A natural alternative to re-evaluating programs is to predict their reward: train a regressor on (embedding, reward) pairs and use it to rank every candidate, exploiting the fact that similar programs have similar scores. We tested this carefully. First, the premise holds locally — a t-SNE projection of prompt embeddings collected during a HotpotQA run (Figure 11, left) shows that tightly clustered programs share similar scores, which is exactly the local smoothness the ε-Net relies on to discard near-duplicates. We then asked whether that smoothness can be pushed into a global predictor: we trained an ensemble of five \(\ell_2\)-regularized logistic regressors mapping a program's embedding to its expected reward, each on a random subset of the collected data, and selected the best program in memory by four criteria — the empirical mean and the ensemble's max, mean, and min predictions — across a range of training-set sizes, externally re-testing the chosen program for a precise score. The result is consistent (Figure 11, right): selecting purely by the empirical mean beats every regressor-based criterion. The reason is that local embedding smoothness does not extend to globally accurate score prediction — without explicit problem-instance information, a program's embedding simply does not determine its reward across the whole space, so the learned surrogate overfits the stochastic training scores.
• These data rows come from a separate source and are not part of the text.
Lemma bin_le_expn m d : 'C(m, d) <= m ^ d.
Proof.
have ffact_le : m ^_ d <= m ^ d.
  elim: d m => [|d IH] m; rewrite ?ffactnS ?expnS // leq_mul2l.
  by rewrite (leq_trans (IH _)) ?orbT // leq_expn2r // leq_pred.
by rewrite (leq_trans _ ffact_le) // -bin_ffact leq_pmulr ?fact_gt0.
Qed.

Lemma expn_le_of_bin_ge b j m d : 0 < d -> b ^ (j * d) <= 'C(m, d) -> b ^ j <= m.
Proof.
move=> d0 le_bin; rewrite leqNgt; apply/negP => lt_m.
have := leq_trans le_bin (bin_le_expn m d).
by rewrite expnM leqNgt ltn_exp2r ?lt_m.
Qed.

Lemma bin_pred_mul_le x m d : x <= m -> 'C(x.-1, d) * m <= 'C(x, d) * (m - d).
Proof.
move=> xm; case: (posnP x) => [->|x0].
  by rewrite bin0n; case: eqP => [->|]; rewrite ?subn0 ?mul1n ?mul0n.
have key : (x - d) * m <= x * (m - d) by case: (leqP d x) => dx; nia.
rewrite -(leq_pmul2l x0) mulnA mul_bin_down mulnAC mulnCA [_ * 'C(x, d)]mulnC.
by rewrite leq_mul2l key orbT.
Qed.

Lemma bin_subn_mul_le m d i : i <= m -> 'C(m - i, d) * m ^ i <= 'C(m, d) * (m - d) ^ i.
Proof.
elim: i => [|i IH] im; first by rewrite subn0 !expn0 !muln1.
have step := bin_pred_mul_le d (leq_subr i m).
rewrite subnS !expnS mulnA; apply: leq_trans (leq_mul step (leqnn _)) _.
by rewrite mulnAC [(m - d) * _]mulnC mulnA leq_mul2r (IH (ltnW im)) orbT.
Qed.

Lemma bernoulli_expn x y a : x ^ a + a * y * x ^ a.-1 <= (x + y) ^ a.
Proof.
elim: a => [|a IH]; first by rewrite !expn0 mul0n addn0.
rewrite [(x + y) ^ a.+1]expnS; apply: leq_trans (leq_mul (leqnn (x + y)) IH).
case: a {IH} => [|a]; first by rewrite !expn0 !expn1 mul0n !addn0 muln1 mul1n muln1.
by rewrite /= !expnS; move: (x ^ a) => z; nia.
Qed.

Lemma double_expn_le m d a : d <= m -> m - d <= a * d -> 0 < a -> 2 * (m - d) ^ a <= m ^ a.
Proof.
move=> dm le_ad a0; have := bernoulli_expn (m - d) d a; rewrite subnK //.
apply: leq_trans; case: a a0 le_ad => [//|a] _ le_ad /=.
by rewrite expnS; move: ((m - d) ^ a) => z; nia.
Qed.

Lemma bin_le_double_pred m d : 2 * d <= m -> 'C(m, d) <= 2 * 'C(m.-1, d).
Proof.
move=> dm; case: (posnP m) => [m0|m0]; first by rewrite m0 (_ : d = 0) //; lia.
rewrite -(leq_pmul2l m0) mulnCA mul_bin_down mulnA leq_mul2r; apply/orP; right; lia.
Qed.

Lemma bin_sub_pred_mul m d : d <= m -> ('C(m, d) - 'C(m.-1, d)) * m = 'C(m, d) * d.
Proof.
move=> dm; rewrite mulnBl (mulnC 'C(m.-1, d)) mul_bin_down mulnC -mulnBl subKn //.
by rewrite mulnC.
Qed.

Lemma sqr_subn_le_bin m d : 2 <= d <= m -> (m - d) * (m - d) <= 2 * 'C(m.-1, d).
Proof.
case/andP=> d2 dm; have := leq_bin_addn (m - d).+1 2 (d - 2).
have -> : (m - d).+1 + (d - 2) = m.-1 by lia.
rewrite subnKC // bin2 /=; move: (m - d) => w; nia.
Qed.

Lemma exists_bin_ge k d : 0 < d -> exists m, k <= 'C(m, d).
Proof.
move=> d0; exists (k + d); have := leq_bin_addn k.+1 1 d.-1.
by rewrite bin1 add1n addSnnS prednK // => /ltnW.
Qed.

Section HostSizes.

Variables n P : nat.
Hypotheses (P_large : 520 <= P) (n_ge : 2 ^ (P.-1 ^ 4) <= n) (n_lt : n < 2 ^ (P ^ 4)).

Let d := 8 * P ^ 3.

Let expn3 x : x ^ 3 = x * x * x. Proof. by rewrite !expnS expn0 muln1 mulnA. Qed.
Let expn4 x : x ^ 4 = x * x * x * x. Proof. by rewrite !expnS expn0 muln1 !mulnA. Qed.

Lemma param_d_gt0 : 0 < d.
Proof. by rewrite /d expn3; nia. Qed.

Lemma param_n_large : 2 ^ 22 * P ^ 4 <= n.
Proof.
have P4 : P <= P.-1 ^ 4 by rewrite expn4; nia.
apply: leq_trans n_ge; apply: leq_trans (expn4_le_exp2 _); last by lia.
by rewrite leq_mul2l leq_expn2r ?orbT.
Qed.

Let m := ex_minn (exists_bin_ge (2 * n) param_d_gt0).

Lemma param_bin_m_ge : 2 * n <= 'C(m, d).
Proof. by rewrite /m; case: ex_minnP. Qed.

Lemma param_m_gt0 : 0 < m.
Proof.
have := param_bin_m_ge; have := param_n_large; have := param_d_gt0.
by case: (posnP m) => [->|//]; rewrite bin0n; case: eqP => [->|]; lia.
Qed.

Lemma param_bin_pred_m_lt : 'C(m.-1, d) < 2 * n.
Proof.
move: param_m_gt0; rewrite /m; case: ex_minnP => x _ min_x x0.
by rewrite ltnNge; apply/negP => /min_x; rewrite -{1}(prednK x0) ltnn.
Qed.

Lemma param_m_large : 64 * P ^ 4 <= m.
Proof.
pose j := (P - 4) %/ 8.
have j64 : 64 <= j by rewrite leq_divRL //; lia.
have Pj : P <= 16 * j by have := ltn_ceil (P - 4) (isT : 0 < 8); lia.
have jd : j * d <= P.-1 ^ 4.
  apply: (@leq_trans ((P - 4) * P ^ 3)).
    by rewrite /d mulnA leq_mul2r leq_divM orbT.
  have [k ->] : exists k, P = k + 4 by exists (P - 4); lia.
  rewrite addnK (_ : (k + 4).-1 = k + 3) ?expn3 ?expn4; [nia | lia].
have two_j : 2 ^ j <= m.
  apply: (expn_le_of_bin_ge param_d_gt0); apply: leq_trans param_bin_m_ge.
  by apply: leq_trans (leq_trans _ n_ge) (leq_pmull _ (isT : 0 < 2)); rewrite leq_exp2l.
have Pj4 : P ^ 4 <= 2 ^ 16 * j ^ 4.
  by rewrite (_ : 16 = 4 * 4) // expnM -expnMn leq_expn2r.
have e22 : 2 ^ 22 = 2 ^ 6 * 2 ^ 16 by rewrite -expnD.
apply: leq_trans (leq_trans (expn4_le_exp2 j64) two_j).
by rewrite e22 -mulnA leq_mul2l Pj4 orbT.
Qed.

Lemma param_d_le : 2 * d <= m.
Proof.
have : P ^ 3 <= P ^ 4 by rewrite leq_pexp2l //; lia.
by have := param_m_large; rewrite /d; lia.
Qed.

Lemma param_bin_m_lt : 'C(m, d) < 4 * n.
Proof.
apply: leq_ltn_trans (bin_le_double_pred param_d_le) _.
by have := param_bin_pred_m_lt; lia.
Qed.

Lemma param_m_small : 8 * P * m <= n.
Proof.
have w2 : (m - d) * (m - d) < 4 * n.
  apply: leq_ltn_trans (sqr_subn_le_bin _) _; last by have := param_bin_pred_m_lt; lia.
  by have := param_d_le; have := param_d_gt0; rewrite /d; lia.
have P2 : 1024 * (P * P) <= n.
  have : P * P <= P ^ 4 by rewrite expn4; nia.
  by have := param_n_large; lia.
have Pw : 16 * P * (m - d) <= n.
  rewrite leqNgt; apply/negP => lt_n; have := ltn_mul lt_n lt_n.
  move: (m - d) w2 => w w2; nia.
have : 128 * P ^ 4 <= n by have := param_n_large; lia.
by rewrite /d expn3 expn4 in Pw *; have := param_d_le; rewrite /d expn3; nia.
Qed.

Let a := m %/ d + 1.
Let K := P * a.

Lemma param_K_lower : P * m <= K * d.
Proof.
have ad : m < a * d by rewrite /a addn1 ltn_ceil // param_d_gt0.
by rewrite /K -mulnA leq_mul2l (ltnW ad) orbT.
Qed.

Lemma param_K_upper : 4 * P ^ 2 * K <= m.
Proof.
have ad : a * d <= m + d by rewrite /a mulnDl mul1n leq_add2r leq_divM.
have : 2 * (4 * P ^ 2 * K) = a * d by rewrite /K /d !expnS expn0; lia.
by have := param_d_le; lia.
Qed.

Let r := 3 * n * K %/ m + 1.

Lemma param_r_lower : 3 * n * K < r * m.
Proof. by rewrite /r addn1 ltn_ceil // param_m_gt0. Qed.

Lemma param_r_small : 4 * (P * r) <= n.
Proof.
have rm : r * m <= 3 * n * K + m by rewrite /r mulnDl mul1n leq_add2r leq_divM.
have r4 : 4 * P ^ 2 * r <= 3 * n + 4 * P ^ 2.
  rewrite -(leq_pmul2r param_m_gt0) mulnDl -mulnA.
  apply: leq_trans (leq_mul (leqnn _) rm) _; rewrite mulnDr leq_add2r.
  by rewrite mulnCA leq_mul2l param_K_upper orbT.
have Pn : 520 * n <= P * n by rewrite leq_mul2r P_large orbT.
have n22 : 2 ^ 22 * P ^ 2 <= n.
  by apply: leq_trans param_n_large; rewrite leq_mul2l leq_pexp2l ?orbT //; lia.
rewrite -(leq_pmul2l (_ : 0 < P)); last by lia.
by move: r4 n22; rewrite -mulnn; lia.
Qed.

Let T := 'C(m, d) - 'C(m.-1, d).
This is precisely why POLCA uses the embedding only as a reward-free similarity signal inside the ε-Net (where local smoothness is enough) and keeps a non-parametric empirical mean as the priority (where global accuracy would be needed) — rather than collapsing both jobs into one fragile regression model.

t-SNE of prompt embeddings colored by score — Figure 11. *Left:* t-SNE of prompt embeddings from a HotpotQA run, each point colored by its test score; nearby programs share similar scores, justifying the embedding-based ε-Net. *Right:* test score of the program selected by each criterion across training-data fractions (3 runs, ± standard error) — the empirical mean dominates every learned-regressor variant.

Regression vs empirical mean — Figure 11. *Left:* t-SNE of prompt embeddings from a HotpotQA run, each point colored by its test score; nearby programs share similar scores, justifying the embedding-based ε-Net. *Right:* test score of the program selected by each criterion across training-data fractions (3 runs, ± standard error) — the empirical mean dominates every learned-regressor variant.